Another original PNAC member, Steve Forbes, has publicly stated he wants the IMF out of Iraq and private oil companies in. Some critics have dubbed PNAC’s imperialist goals the “Cheney strategy,” which employs a U.S. foreign policy based on securing direct global energy control by the Big Four American/U.S.-tied oil giants — Chevron. Exxon-Mobil, BP and Royal Dutch Shell. Simply put, the PNAC/Cheney strategy is aimed at controlling the world’s major oil and natural gas deposits.

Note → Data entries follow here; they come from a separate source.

(* For any $a,b\in S_Z$, the vertices $a$ and $b$ are not adjacent in $\Gamma$.
   Context: All graphs are finite and simple. A graph $G$ is a minimal prime graph complement if $G$ has at least $2$ vertices and: (1) the complement $\overline{G}$ is connected; (2) $G$ is triangle-free; (3) $G$ is $3$-colorable; (4) for any two distinct nonadjacent vertices $u,v$ of $G$, adding the edge $uv$ to $G$ yields a graph that either contains a triangle or is not $3$-colorable. Standing setup: $\Gamma$ is a minimal prime graph complement with a vertex $X$ of degree $2$, whose two neighbors are $A$ and $B$. Among the vertices of $\Gamma$ other than $X,A,B$: $S_A$ is the set of those adjacent to $A$ but not $B$; $S_B$ the set of those adjacent to $B$ but not $A$; $S_Y$ the set of those adjacent to both $A$ and $B$; $S_Z$ the set of those adjacent to neither $A$ nor $B$. *)

From mathcomp Require Import all_boot.
Set Implicit Arguments. Unset Strict Implicit. Unset Printing Implicit Defensive.

Definition simple_graph (T : finType) (e : rel T) : Prop :=
  symmetric e /\ irreflexive e.

Definition compl_rel (T : finType) (e : rel T) : rel T :=
  fun x y => (x != y) && ~~ e x y.

Definition connected_graph (T : finType) (e : rel T) : Prop :=
  forall x y : T, connect e x y.

Definition triangle_free (T : finType) (e : rel T) : Prop :=
  forall x y z : T, ~ [&& e x y, e y z & e z x].

Definition three_colorable (T : finType) (e : rel T) : Prop :=
  exists f : T -> 'I_3, forall x y : T, e x y -> f x != f y.

Definition add_edge (T : finType) (e : rel T) (u v : T) : rel T :=
  fun x y => [|| e x y, (x == u) && (y == v) | (x == v) && (y == u)].

Definition minimal_prime_graph_complement (T : finType) (e : rel T) : Prop :=
  simple_graph e /\ (1 < #|T|)%N /\
  [/\ connected_graph (compl_rel e),
      triangle_free e,
      three_colorable e &
      forall u v : T, u != v -> ~~ e u v ->
        ~ triangle_free (add_edge e u v) \/ ~ three_colorable (add_edge e u v)].

From mathcomp Require Import all_boot.

Set Implicit Arguments.
Unset Strict Implicit.
Unset Printing Implicit Defensive.

(* Adding the edge [X c] for a vertex [c] of [S_Z] creates no triangle, since
   [X] and [c] have no common neighbour; by minimality the new graph is
   therefore not 3-colourable.  So in every 3-colouring [f] of [Gamma] the
   colours [f A], [f B], [f c] are pairwise distinct, for otherwise [X] could
   be recoloured with the missing colour and the edge [X c] added.  Hence all
   of [S_Z] receives the single colour outside [{f A, f B}], and [S_Z] is an
   independent set. *)

Lemma ord3_missing (p q r : 'I_3) :
  ~~ [&& p != q, p != r & q != r] -> exists k : 'I_3, [&& k != p, k != q & k != r].
Proof.
case: p q r => [[|[|[|?]]] ?] // [[|[|[|?]]] ?] // [[|[|[|?]]] ?] // _;
  first [by exists ord0 | by exists (Ordinal (isT : 1 < 3)) | by exists ord_max].
Qed.

Lemma ord3_third_unique (p q a b : 'I_3) :
  [&& p != q, p != a & q != a] -> [&& p != q, p != b & q != b] -> a = b.
Proof.
by case: p q a b => [[|[|[|?]]] ?] // [[|[|[|?]]] ?] // [[|[|[|?]]] ?] //
  [[|[|[|?]]] ?] //= *; apply: val_inj.
Qed.

Section AddEdge.

Variables (T : finType) (e : rel T).
Hypotheses (e_sym : symmetric e) (e_irr : irreflexive e).

Lemma add_edge_sym u v : symmetric (add_edge e u v).
Proof. by move=> x y; rewrite /add_edge e_sym !(andbC (y == _)) (orbC ((x == u) && _)). Qed.

Lemma add_edge_new u v x y :
  add_edge e u v x y -> ~~ e x y -> (x = u /\ y = v) \/ (x = v /\ y = u).
Proof. by case/or3P=> [-> // | /andP[/eqP-> /eqP->] | /andP[/eqP-> /eqP->]] _; [left|right]. Qed.

Lemma triangle_free_add_edge u v :
  triangle_free e -> u != v -> (forall z, e u z -> ~~ e v z) ->
  triangle_free (add_edge e u v).
Proof.
move=> tf uv no_common.
set f := add_edge e u v.
have no_common' z : f u z -> f v z -> False.
  rewrite /f /add_edge !eqxx (negbTE uv) (eq_sym v u) (negbTE uv) /= !orbF.
  case/orP=> [euz | /eqP->]; case/orP=> [evz | /eqP zu].
  - by move: (no_common z euz); rewrite evz.
  - by move: euz; rewrite zu e_irr.
  - by move: evz; rewrite e_irr.
  - by move: uv; rewrite zu eqxx.
have old_edge x y z : [&& f x y, f y z & f z x] -> e x y.
  case/and3P=> fxy fyz fzx; apply: contraT => /(add_edge_new fxy).
  case=> -[xu yv]; subst x y; rewrite [f z _]add_edge_sym in fzx.
  - by case: (no_common' z fzx fyz).
  - by case: (no_common' z fyz fzx).
move=> x y z /and3P[fxy fyz fzx]; apply: (tf x y z).
by rewrite (old_edge x y z) ?(old_edge y z x) ?(old_edge z x y) ?fxy ?fyz ?fzx.
Qed.

Lemma three_colorable_add_edge_recolor (f : T -> 'I_3) (x c : T) (k : 'I_3) :
  (forall y z, e y z -> f y != f z) -> (forall w, e x w -> f w != k) ->
  c != x -> f c != k -> three_colorable (add_edge e x c).
Proof.
move=> f_proper x_nbr cx fck.
pose g y := if y == x then k else f y.
have g_proper_at_x y : y != x -> (e x y || (y == c)) -> g x != g y.
  move=> yx; rewrite /g eqxx (negbTE yx) (eq_sym k).
  by case/orP=> [/x_nbr | /eqP->].
exists g => y z /or3P[eyz | /andP[/eqP-> /eqP->] | /andP[/eqP-> /eqP->]].
- case: (eqVneq y x) eyz => [-> exz | yx eyz].
    apply: g_proper_at_x; last by rewrite exz.
    by apply: contraTneq exz => ->; rewrite e_irr.
  case: (eqVneq z x) eyz => [-> eyx | zx eyz]; last by rewrite /g (negbTE yx) (negbTE zx) f_proper.
  by rewrite eq_sym; apply: g_proper_at_x; rewrite // e_sym eyx.
- by apply: g_proper_at_x; rewrite ?eqxx ?orbT.
- by rewrite eq_sym; apply: g_proper_at_x; rewrite ?eqxx ?orbT.
Qed.

End AddEdge.

Lemma S_Z_third_colour (T : finType) (e : rel T) (X A B c : T) (f : T -> 'I_3) :
  minimal_prime_graph_complement e ->
  (forall w, e X w -> w = A \/ w = B) ->
  (forall y z, e y z -> f y != f z) ->
  [/\ c != X, c != A, c != B, ~~ e c A & ~~ e c B] ->
  [&& f A != f B, f A != f c & f B != f c].
Proof.
move=> [[e_sym e_irr] [_ [_ tf _ minimal]]] NX f_proper [cX cA cB ncA ncB].
apply/negPn/negP => /ord3_missing[k /and3P[kA kB kc]].
have Xc : X != c by rewrite eq_sym.
have nXc : ~~ e X c by apply/negP => /NX[] ceq; [move: cA | move: cB]; rewrite ceq eqxx.
case: (minimal X c Xc nXc); apply.
- by apply: triangle_free_add_edge => // z /NX[] ->.
- apply: (three_colorable_add_edge_recolor e_sym e_irr (k := k) f_proper) => //.
    by move=> w /NX[] ->; rewrite eq_sym.
  by rewrite eq_sym.
Qed.

Theorem lemma7 (T : finType) (e : rel T) (X A B : T) :
  minimal_prime_graph_complement e ->
  A != B ->
  e X A -> e X B ->
  (forall w : T, e X w -> w = A \/ w = B) ->
  forall a b : T,
    [/\ a != X, a != A, a != B, ~~ e a A & ~~ e a B] ->
    [/\ b != X, b != A, b != B, ~~ e b A & ~~ e b B] ->
    ~~ e a b.
Proof.
move=> Gmin _ _ _ NX a b Sa Sb.
have [_ [_ [_ _ [f f_proper] _]]] := Gmin.
have fab : f a = f b := ord3_third_unique (S_Z_third_colour Gmin NX f_proper Sa)
                                         (S_Z_third_colour Gmin NX f_proper Sb).
by apply/negP => /f_proper; rewrite fab eqxx.
Qed.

Oil Companies May Make 80% to 85% Profit on Crude Oil – Oil companies do not usually break out their divisional earnings, i.e. production, refining, chemical operations and on. Yet the oil industry had an ‘Oops’ moment a few years ago when a then bubbling management of Marathon Oil, one year out from its separation from U.S. Steel and clearly not yet fully in thrall of the oil industry’s vow of omerta, laid out exactly such a breakdown (By the way this is the same company currently under investigation by the CFTC for alleged crude oil price manipulation). In Marathon’s 2002 annual report, barely able to contain themselves they claimed upstream profits (primarily sales of crude) of over $1 billion dollars. They further boasted that they had replaced their annual production that year by 262 percent with finding and development costs of $4.61 per barrel, while increasing their proved reserves by 23 percent. In 2002 the average price of crude was in the $20’s per barrel, so that with a price of say $25/bbl Marathon earned a gross profit of over $20 per barrel produced and sold. If we assume the price of finding and producing a barrel of oil has doubled since then, which is a generous assumption, then at today’s prices of circa $65/bbl their per barrel, gross profit would be over $55 per barrel! Marathon has been brought into line and no longer breaks out earnings by division. But we can readily assume that today at over $65 a barrel the upstream profits are staggering, and that the same would apply for all integrated oil companies.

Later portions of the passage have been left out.